◆ Work to be completed
Go to the line below containing "the minimum is attained). *)" and print exactly from there through the line containing "g = grad M_E(x)", both included. Print nothing else.

◆ Extracted records

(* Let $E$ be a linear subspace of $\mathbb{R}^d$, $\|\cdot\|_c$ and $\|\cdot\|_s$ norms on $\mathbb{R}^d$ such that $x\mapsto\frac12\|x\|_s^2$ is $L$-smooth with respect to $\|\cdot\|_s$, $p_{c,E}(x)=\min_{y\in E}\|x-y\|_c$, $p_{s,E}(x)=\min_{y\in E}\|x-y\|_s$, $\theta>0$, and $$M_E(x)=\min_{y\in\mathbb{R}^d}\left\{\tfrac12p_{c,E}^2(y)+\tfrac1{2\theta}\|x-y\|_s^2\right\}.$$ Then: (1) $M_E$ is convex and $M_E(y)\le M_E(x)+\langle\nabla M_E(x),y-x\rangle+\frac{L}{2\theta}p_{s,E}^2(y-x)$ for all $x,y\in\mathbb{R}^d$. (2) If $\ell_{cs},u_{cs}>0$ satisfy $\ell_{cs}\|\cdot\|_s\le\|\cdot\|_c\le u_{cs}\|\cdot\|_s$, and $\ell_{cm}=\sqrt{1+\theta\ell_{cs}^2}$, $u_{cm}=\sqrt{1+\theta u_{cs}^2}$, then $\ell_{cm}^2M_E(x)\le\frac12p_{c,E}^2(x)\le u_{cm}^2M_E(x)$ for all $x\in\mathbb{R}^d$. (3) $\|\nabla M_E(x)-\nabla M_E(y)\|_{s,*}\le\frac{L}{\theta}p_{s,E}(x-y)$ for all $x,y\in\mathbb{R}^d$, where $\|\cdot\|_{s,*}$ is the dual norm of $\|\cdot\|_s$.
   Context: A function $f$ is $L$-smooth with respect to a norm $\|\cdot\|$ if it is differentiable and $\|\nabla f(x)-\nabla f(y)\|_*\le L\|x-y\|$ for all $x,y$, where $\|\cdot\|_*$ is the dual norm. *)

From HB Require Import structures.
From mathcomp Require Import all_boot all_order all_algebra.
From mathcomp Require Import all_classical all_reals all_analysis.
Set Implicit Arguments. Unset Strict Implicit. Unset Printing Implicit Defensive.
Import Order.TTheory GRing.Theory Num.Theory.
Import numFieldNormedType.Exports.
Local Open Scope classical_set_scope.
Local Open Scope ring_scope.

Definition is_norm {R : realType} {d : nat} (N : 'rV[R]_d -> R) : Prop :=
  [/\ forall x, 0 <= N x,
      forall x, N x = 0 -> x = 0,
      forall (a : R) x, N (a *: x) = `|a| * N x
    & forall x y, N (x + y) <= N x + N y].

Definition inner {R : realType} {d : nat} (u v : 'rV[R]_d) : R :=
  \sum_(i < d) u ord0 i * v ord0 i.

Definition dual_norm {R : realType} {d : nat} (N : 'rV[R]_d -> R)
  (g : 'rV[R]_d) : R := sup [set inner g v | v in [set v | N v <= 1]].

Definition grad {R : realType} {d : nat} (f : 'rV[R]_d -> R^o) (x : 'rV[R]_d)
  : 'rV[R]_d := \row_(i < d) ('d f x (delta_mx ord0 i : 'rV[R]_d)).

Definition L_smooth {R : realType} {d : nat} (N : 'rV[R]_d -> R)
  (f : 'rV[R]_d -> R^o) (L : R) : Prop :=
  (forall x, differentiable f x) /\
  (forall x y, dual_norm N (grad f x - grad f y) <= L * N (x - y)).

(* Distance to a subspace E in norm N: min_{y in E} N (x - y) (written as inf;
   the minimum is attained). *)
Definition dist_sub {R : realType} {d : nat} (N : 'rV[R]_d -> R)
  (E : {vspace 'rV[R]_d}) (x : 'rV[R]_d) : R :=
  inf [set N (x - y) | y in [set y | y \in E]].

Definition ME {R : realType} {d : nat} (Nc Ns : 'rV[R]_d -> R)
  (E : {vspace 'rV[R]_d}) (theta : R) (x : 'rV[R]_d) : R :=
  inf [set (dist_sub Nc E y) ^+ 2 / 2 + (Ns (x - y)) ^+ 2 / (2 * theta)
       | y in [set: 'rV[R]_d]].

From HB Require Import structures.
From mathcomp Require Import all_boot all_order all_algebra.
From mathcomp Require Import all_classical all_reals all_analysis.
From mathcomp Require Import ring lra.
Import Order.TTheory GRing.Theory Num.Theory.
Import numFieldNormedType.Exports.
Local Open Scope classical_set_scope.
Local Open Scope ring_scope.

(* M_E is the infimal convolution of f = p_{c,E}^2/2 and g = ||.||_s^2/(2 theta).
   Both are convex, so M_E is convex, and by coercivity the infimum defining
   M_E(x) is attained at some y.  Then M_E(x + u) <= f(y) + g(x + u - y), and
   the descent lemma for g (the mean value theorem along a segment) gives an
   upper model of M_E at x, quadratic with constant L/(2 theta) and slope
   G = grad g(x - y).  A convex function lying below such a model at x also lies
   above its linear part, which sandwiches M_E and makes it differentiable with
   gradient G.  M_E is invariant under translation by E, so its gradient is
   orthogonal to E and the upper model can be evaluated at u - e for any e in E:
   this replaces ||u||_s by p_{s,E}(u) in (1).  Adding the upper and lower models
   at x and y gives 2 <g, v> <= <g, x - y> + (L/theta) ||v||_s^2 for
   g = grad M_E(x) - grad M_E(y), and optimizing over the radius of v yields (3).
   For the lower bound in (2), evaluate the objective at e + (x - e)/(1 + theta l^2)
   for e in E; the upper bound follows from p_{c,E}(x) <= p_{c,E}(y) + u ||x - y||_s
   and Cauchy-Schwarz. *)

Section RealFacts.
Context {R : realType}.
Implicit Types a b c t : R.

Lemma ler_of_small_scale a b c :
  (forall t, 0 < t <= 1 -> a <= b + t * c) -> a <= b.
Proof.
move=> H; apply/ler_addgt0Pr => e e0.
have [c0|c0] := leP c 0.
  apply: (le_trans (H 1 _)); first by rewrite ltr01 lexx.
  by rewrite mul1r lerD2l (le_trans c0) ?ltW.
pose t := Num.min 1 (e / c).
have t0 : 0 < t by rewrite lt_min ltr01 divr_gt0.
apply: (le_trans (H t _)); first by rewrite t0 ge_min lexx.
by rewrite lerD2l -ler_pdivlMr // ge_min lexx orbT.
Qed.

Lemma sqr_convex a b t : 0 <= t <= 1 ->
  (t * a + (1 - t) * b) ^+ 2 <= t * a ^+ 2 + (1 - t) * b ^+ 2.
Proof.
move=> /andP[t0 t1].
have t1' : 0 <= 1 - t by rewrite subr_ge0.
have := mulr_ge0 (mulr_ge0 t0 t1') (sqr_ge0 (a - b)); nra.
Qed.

◆ Solution for this task
   the minimum is attained). *)
Definition dist_sub {R : realType} {d : nat} (N : 'rV[R]_d -> R)
  (E : {vspace 'rV[R]_d}) (x : 'rV[R]_d) : R :=
  inf [set N (x - y) | y in [set y | y \in E]].

Definition ME {R : realType} {d : nat} (Nc Ns : 'rV[R]_d -> R)
  (E : {vspace 'rV[R]_d}) (theta : R) (x : 'rV[R]_d) : R :=
  inf [set (dist_sub Nc E y) ^+ 2 / 2 + (Ns (x - y)) ^+ 2 / (2 * theta)
       | y in [set: 'rV[R]_d]].

From HB Require Import structures.
From mathcomp Require Import all_boot all_order all_algebra.
From mathcomp Require Import all_classical all_reals all_analysis.
From mathcomp Require Import ring lra.
Import Order.TTheory GRing.Theory Num.Theory.
Import numFieldNormedType.Exports.
Local Open Scope classical_set_scope.
Local Open Scope ring_scope.

(* M_E is the infimal convolution of f = p_{c,E}^2/2 and g = ||.||_s^2/(2 theta).
   Both are convex, so M_E is convex, and by coercivity the infimum defining
   M_E(x) is attained at some y.  Then M_E(x + u) <= f(y) + g(x + u - y), and
   the descent lemma for g (the mean value theorem along a segment) gives an
   upper model of M_E at x, quadratic with constant L/(2 theta) and slope
   G = grad g(x - y).  A convex function lying below such a model at x also lies
   above its linear part, which sandwiches M_E and makes it differentiable with
   gradient G.  M_E is invariant under translation by E, so its gradient is
   orthogonal to E and the upper model can be evaluated at u - e for any e in E:
   this replaces ||u||_s by p_{s,E}(u) in (1).  Adding the upper and lower models
   at x and y gives 2 <g, v> <= <g, x - y> + (L/theta) ||v||_s^2 for
   g = grad M_E(x) - grad M_E(y), and optimizing over the radius of v yields (3).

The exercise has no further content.